Proceedings of the International Conference on Knowledge Discovery and Data Mining (KDD)
Abstract

Off-policy Evaluation (OPE), or offline evaluation in general, evaluates the performance of hypothetical policies leveraging only offline log data. It is particularly useful in applications where the online interaction involves high stakes and expensive setting such as precision medicine and recommender systems. Since many OPE estimators have been proposed and some of them have hyperparameters to be tuned, there is an emerging challenge for practitioners to select and tune OPE estimators for their specific application.

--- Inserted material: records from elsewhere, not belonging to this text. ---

(* Let $k \ge 1$ and $\theta = 2\pi/(4k+4)$, and let $R = 1 + \dfrac{2\sin(\theta/2)}{\cos(\theta/2) - \sin(\theta/2)}$. For every finite point set $P$ in general position and every $u, w \in P$, the path produced by $\theta$-routing from $u$ to $w$ in the $\theta_{4k+4}$-graph on $P$ has length at most $R\,|uw|$. Moreover the bound is tight: for every $\varepsilon > 0$ there exist $P$ and $u,w\in P$ for which the $\theta$-routing path from $u$ to $w$ has length at least $(R-\varepsilon)|uw|$.
   Context: Cones: for $m \ge 2$, $\theta = 2\pi/m$; around each point $u$ draw $m$ rays with consecutive angular separation $\theta$, oriented so the vertical upward ray from $u$ bisects a cone $C_0^u$; cones numbered clockwise, same orientation at every point. General position: no two points on a line parallel to a cone boundary ray, no two on a line perpendicular to a cone bisector, no three collinear. The $\theta_m$-graph on $P$: for each $u\in P$ and each cone $C_i^u$ containing another point of $P$, add an edge from $u$ to the point of $C_i^u$ whose orthogonal projection onto the bisector of $C_i^u$ is closest to $u$; edges weighted by Euclidean length. $\theta$-routing with destination $t$: at the current vertex $x$, if $xt$ is an edge of the graph, follow it; otherwise follow the edge from $x$ in the cone of $x$ that contains $t$ (i.e. to the closest vertex in that cone, measured by projection onto its bisector). *)

From Stdlib Require Import Reals Lra List.
Import ListNotations.
Open Scope R_scope.

Definition point := (R * R)%type.

Definition pdist (p q : point) : R :=
  sqrt ((fst q - fst p) ^ 2 + (snd q - snd p) ^ 2).

Definition dot (a b : point) : R := fst a * fst b + snd a * snd b.
Definition cross (a b : point) : R := fst a * snd b - snd a * fst b.
Definition vsub (q p : point) : point := (fst q - fst p, snd q - snd p).

Definition theta (m : nat) : R := 2 * PI / INR m.

(* unit direction obtained by rotating the upward vector (0,1) clockwise by a *)
Definition dir (a : R) : point := (sin a, cos a).

(* bisector of cone C_i (cones numbered clockwise, C_0 bisected by upward ray) *)
Definition bisector (m i : nat) : point := dir (INR i * theta m).

(* v lies in (the interior of) cone C_i^u: angle between v-u and the bisector
   is less than theta/2.  Boundary rays are irrelevant under general position. *)
Definition in_cone (m : nat) (u : point) (i : nat) (v : point) : Prop :=
  (i < m)%nat /\ v <> u /\
  dot (vsub v u) (bisector m i) > pdist u v * cos (theta m / 2).

Definition proj (m : nat) (u : point) (i : nat) (v : point) : R :=
  dot (vsub v u) (bisector m i).

Definition general_position (m : nat) (P : list point) : Prop :=
  (* no two points on a line parallel to a cone boundary ray *)
  (forall u v j, In u P -> In v P -> u <> v -> (j < m)%nat ->
     cross (vsub v u) (dir ((2 * INR j + 1) * theta m / 2)) <> 0) /\
  (forall u v i, In u P -> In v P -> u <> v -> (i < m)%nat ->
     dot (vsub v u) (bisector m i) <> 0) /\
  (forall u v w, In u P -> In v P -> In w P -> u <> v -> u <> w -> v <> w ->
     cross (vsub v u) (vsub w u) <> 0).

Definition closest (P : list point) (m : nat) (u : point) (i : nat) (v : point) : Prop :=
  In v P /\ in_cone m u i v /\
  forall w, In w P -> in_cone m u i w -> proj m u i v <= proj m u i w.

Definition theta_edge (P : list point) (m : nat) (u v : point) : Prop :=
  exists i, closest P m u i v \/ closest P m v i u.

Definition route_step (P : list point) (m : nat) (t x y : point) : Prop :=
  (theta_edge P m x t /\ y = t) \/
  (~ theta_edge P m x t /\ exists i, in_cone m x i t /\ closest P m x i y).

Inductive routing_path (P : list point) (m : nat) (t : point) : point -> list point -> Prop :=
| rp_done : routing_path P m t t [t]
| rp_step : forall x y l, x <> t -> route_step P m t x y ->
    routing_path P m t y l -> routing_path P m t x (x :: l).

Fixpoint path_length (l : list point) : R :=
  match l with
  | x :: ((y :: _) as l') => pdist x y + path_length l'
  | _ => 0
  end.

Definition ratio_R (m : nat) : R :=
  1 + 2 * sin (theta m / 2) / (cos (theta m / 2) - sin (theta m / 2)).

(* Write h = theta / 2 and, for a vector v and a cone index i, let L_i(v) be the
   l1-norm of v in the orthonormal frame of the bisector of cone i.  If v lies in
   cone i then L_i(v) is the least of the L_j(v) (turning the frame by a multiple
   of theta cannot lower it) and L_i(v) <= (cos h + sin h) |v|.  Take as potential
   of the current vertex x the least L_j(t - x).  A routing step x -> y goes into
   the cone of x containing t, to a point y not beyond t along the bisector; in
   the frame of that cone this lowers the potential by at least
   (cos h - sin h) |xy|.  Hence routing terminates and has length at most
   (cos h + sin h) / (cos h - sin h) |ut| = R |ut|.

   For tightness, place points on a staircase converging to t, alternating
   between two perpendicular cone directions with step lengths shrinking by the
   factor sin theta, each step running almost along a cone boundary, where the
   potential drops only by (cos h - sin h) per unit length; the sum of the
   geometric series of step lengths is then close to R |ut|.  Moving the points
   along polynomial curves puts them in general position without changing any of
   the finitely many strict inequalities that decide the route. *)
From Stdlib Require Import Reals List Lra Lia Psatz ZArith Zfloor Classical.
Import ListNotations.
Open Scope R_scope.

Definition vnorm (v : point) : R := sqrt (fst v ^ 2 + snd v ^ 2).

Definition perp_dir (a : R) : point := (cos a, - sin a).
Definition frame_l1 (a : R) (v : point) : R :=
  Rabs (dot v (dir a)) + Rabs (dot v (perp_dir a)).

Lemma pdist_vnorm (u v : point) : pdist u v = vnorm (vsub v u).
Proof. reflexivity. Qed.

Lemma sqrt_le_of_sq_le (x y : R) : 0 <= y -> x <= y * y -> sqrt x <= y.
Proof. intros Hy H. rewrite <- (sqrt_square y) by exact Hy. apply sqrt_le_1_alt; exact H. Qed.

Lemma le_sqrt_of_sq_le (x y : R) : 0 <= y -> y * y <= x -> y <= sqrt x.
Proof. intros Hy H. rewrite <- (sqrt_square y) by exact Hy. apply sqrt_le_1_alt; exact H. Qed.

Lemma Rabs_le_of_sq_le (x y : R) : 0 <= y -> x * x <= y * y -> Rabs x <= y.
Proof. intros Hy H. unfold Rabs; destruct (Rcase_abs x); nra. Qed.

Lemma Rabs_mul_self (x : R) : Rabs x * Rabs x = x * x.
Proof. unfold Rabs; destruct (Rcase_abs x); nra. Qed.

Lemma vnorm_ge0 (v : point) : 0 <= vnorm v.
Proof. apply sqrt_pos. Qed.

Lemma vnorm_sq (v : point) : vnorm v * vnorm v = fst v ^ 2 + snd v ^ 2.
Proof. unfold vnorm. apply sqrt_sqrt. nra. Qed.

Lemma vnorm_sq_frame (a : R) (v : point) :
  vnorm v * vnorm v = dot v (dir a) ^ 2 + dot v (perp_dir a) ^ 2.
Proof.
  rewrite vnorm_sq. unfold dot, dir, perp_dir; simpl.
  pose proof (sin2_cos2 a) as H. unfold Rsqr in H.
  transitivity ((fst v ^ 2 + snd v ^ 2) * (sin a * sin a + cos a * cos a));
    [rewrite H; ring | ring].
Qed.

Lemma vnorm_vsub_pos (y x : point) : y <> x -> 0 < vnorm (vsub y x).
Proof.
  intros H. unfold vnorm, vsub; simpl. apply sqrt_lt_R0.
  destruct y as [y1 y2], x as [x1 x2]; simpl.
  pose proof (pow2_ge_0 (y1 - x1)); pose proof (pow2_ge_0 (y2 - x2)).
  destruct (Req_dec y1 x1) as [E1|E1].
  - assert (E2 : y2 - x2 <> 0) by (intro; apply H; f_equal; lra).
    assert (0 < (y2 - x2) ^ 2) by (rewrite <- Rsqr_pow2; apply Rlt_0_sqr; exact E2). lra.
  - assert (E : y1 - x1 <> 0) by (intro; apply E1; lra).
    assert (0 < (y1 - x1) ^ 2) by (rewrite <- Rsqr_pow2; apply Rlt_0_sqr; exact E). lra.
Qed.

Lemma vnorm_le_frame_l1 (a : R) (v : point) : vnorm v <= frame_l1 a v.
Proof.
  assert (E : fst v ^ 2 + snd v ^ 2 = dot v (dir a) ^ 2 + dot v (perp_dir a) ^ 2)
    by (rewrite <- vnorm_sq; apply vnorm_sq_frame).
  unfold frame_l1, vnorm. rewrite E.
  pose proof (Rabs_pos (dot v (dir a))); pose proof (Rabs_pos (dot v (perp_dir a))).
  apply sqrt_le_of_sq_le; [lra|].
  rewrite <- (pow2_abs (dot v (dir a))), <- (pow2_abs (dot v (perp_dir a))). nra.
Qed.

Lemma dot_vsub_split (w y x b : point) :
  dot (vsub w y) b = dot (vsub w x) b - dot (vsub y x) b.
Proof. unfold dot, vsub; simpl; ring. Qed.

Lemma dot_dir_add (a phi : R) (v : point) :
  dot v (dir (a + phi)) = dot v (dir a) * cos phi + dot v (perp_dir a) * sin phi.
Proof. unfold dot, dir, perp_dir; simpl. rewrite sin_plus, cos_plus. ring. Qed.

Lemma dot_perp_dir_add (a phi : R) (v : point) :
  dot v (perp_dir (a + phi)) = dot v (perp_dir a) * cos phi - dot v (dir a) * sin phi.
Proof. unfold dot, dir, perp_dir; simpl. rewrite sin_plus, cos_plus. ring. Qed.

Section ConeFrame.
Variables (co s P Q r : R).
Hypotheses (Hcs : co * co + s * s = 1) (Hs : 0 < s) (Hr : 0 <= r)
  (Hrr : r * r = P ^ 2 + Q ^ 2).

Lemma cone_lateral_bound : 0 <= co -> P > r * co -> Rabs Q <= r * s.
Proof. intros Hco HP. assert (0 <= r * co) by nra. apply Rabs_le_of_sq_le; nra. Qed.

Lemma cone_iff_lateral : 0 < co ->
  (P > r * co <-> (0 < P /\ co * Rabs Q < s * P)).
Proof.
  intros Hco. pose proof (Rabs_pos Q) as HQ. pose proof (Rabs_mul_self Q) as EQ.
  assert (Es : s * s = 1 - co * co) by lra.
  split.
  - intros HP. assert (0 <= r * co) by nra.
    split; [lra|].
    assert (P * P > (r * co) * (r * co)) by nra.
    assert ((co * Rabs Q) * (co * Rabs Q) < (s * P) * (s * P)).
    { replace ((co * Rabs Q) * (co * Rabs Q)) with (co * co * (Q * Q)) by (rewrite <- EQ; ring).
      replace ((s * P) * (s * P)) with (P * P * (s * s)) by ring. rewrite Es. nra. }
    destruct (Rlt_dec (co * Rabs Q) (s * P)) as [|Hn]; [assumption|].
    assert (0 < s * P) by nra.
    assert (s * P * (s * P) <= (co * Rabs Q) * (co * Rabs Q)) by (apply Rmult_le_compat; lra).
    lra.
  - intros [HP HQs].
    assert (0 <= co * Rabs Q) by nra.
    assert (Hsq : (co * Rabs Q) * (co * Rabs Q) < (s * P) * (s * P)) by nra.
    replace ((co * Rabs Q) * (co * Rabs Q)) with (co * co * (Q * Q)) in Hsq by (rewrite <- EQ; ring).
    assert ((r * co) * (r * co) < P * P) by nra.
    destruct (Rle_dec P (r * co)); [|lra]. nra.
Qed.

(* Equality holds on the boundary rays of the cone. *)
Lemma cone_frame_l1_bound : s <= co -> P > r * co -> Rabs P + Rabs Q <= (co + s) * r.
Proof.
  intros Hsc HP.
  assert (HP0 : 0 <= r * co) by nra.
  rewrite (Rabs_pos_eq P) by lra.
  set (A := Rabs Q). assert (HA : 0 <= A) by apply Rabs_pos.
  assert (HAQ : A * A = Q * Q) by apply Rabs_mul_self.
  assert (HPp : P + r * co > 0) by lra.
  assert (H1 : P * P >= r * r * (co * co)).
  { assert ((P - r * co) * (P + r * co) >= 0) by (apply Rle_ge; apply Rmult_le_pos; lra). nra. }
  assert (Hc2 : 2 * (co * co) >= 1) by nra.
  assert (H2 : P * P + r * r * (co * co) >= r * r).
  { assert (r * r * (2 * (co * co)) >= r * r * 1)
      by (apply Rle_ge; apply Rmult_le_compat_l; nra).
    nra. }
  assert (H3 : (P * A) * (P * A) <= (r * r * co * s) * (r * r * co * s)).
  { assert (E : (P * A) * (P * A) = (P * P) * (r * r - P * P)).
    { transitivity ((P * P) * (A * A)); [ring|]. rewrite HAQ, Hrr; ring. }
    rewrite E.
    assert ((P * P - r * r * (co * co)) * (r * r - P * P - r * r * (co * co)) <= 0) by nra.
    assert (s * s = 1 - co * co) by lra.
    nra. }
  assert (H4 : P * A <= r * r * co * s).
  { apply Rabs_le_of_sq_le in H3; [|nra]. rewrite Rabs_pos_eq in H3 by nra. exact H3. }
  assert (H5 : (P + A) * (P + A) <= ((co + s) * r) * ((co + s) * r)) by nra.
  apply Rabs_le_of_sq_le in H5; [|nra]. rewrite Rabs_pos_eq in H5 by nra. exact H5.
Qed.

End ConeFrame.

Unfortunately, identifying a reliable estimator from results reported in research papers is often difficult because the current experimental procedure evaluates and compares the estimators’ accuracy on a narrow set of hyperparameters and evaluation policies. Therefore, we cannot know which estimator is safe and reliable to use in general practice. In this work, we develop Interpretable Evaluation for Offline Evaluation (IEOE), an experimental procedure to evaluate OPE estimators’ sensitivity to the choice of hyperparameters and possible changes in evaluation policies in an interpretable manner. We also build open-source Python software, pyIEOE, to streamline the evaluation with the IEOE protocol. With this software, researchers can use IEOE to compare different OPE estimators in their research, and practitioners can select an appropriate estimator for the given practical situation. Then, using the IEOE procedure, we perform extensive re-evaluation of a wide variety of existing estimators on public datasets. We show that, surprisingly, simple estimators that have fewer hyperparameters are more reliable than other advanced estimators because advanced estimators need environment specific hyperparameter tuning to perform well. Finally, we apply IEOE to real-world e-commerce platform data and demonstrate how to use our protocol in practice.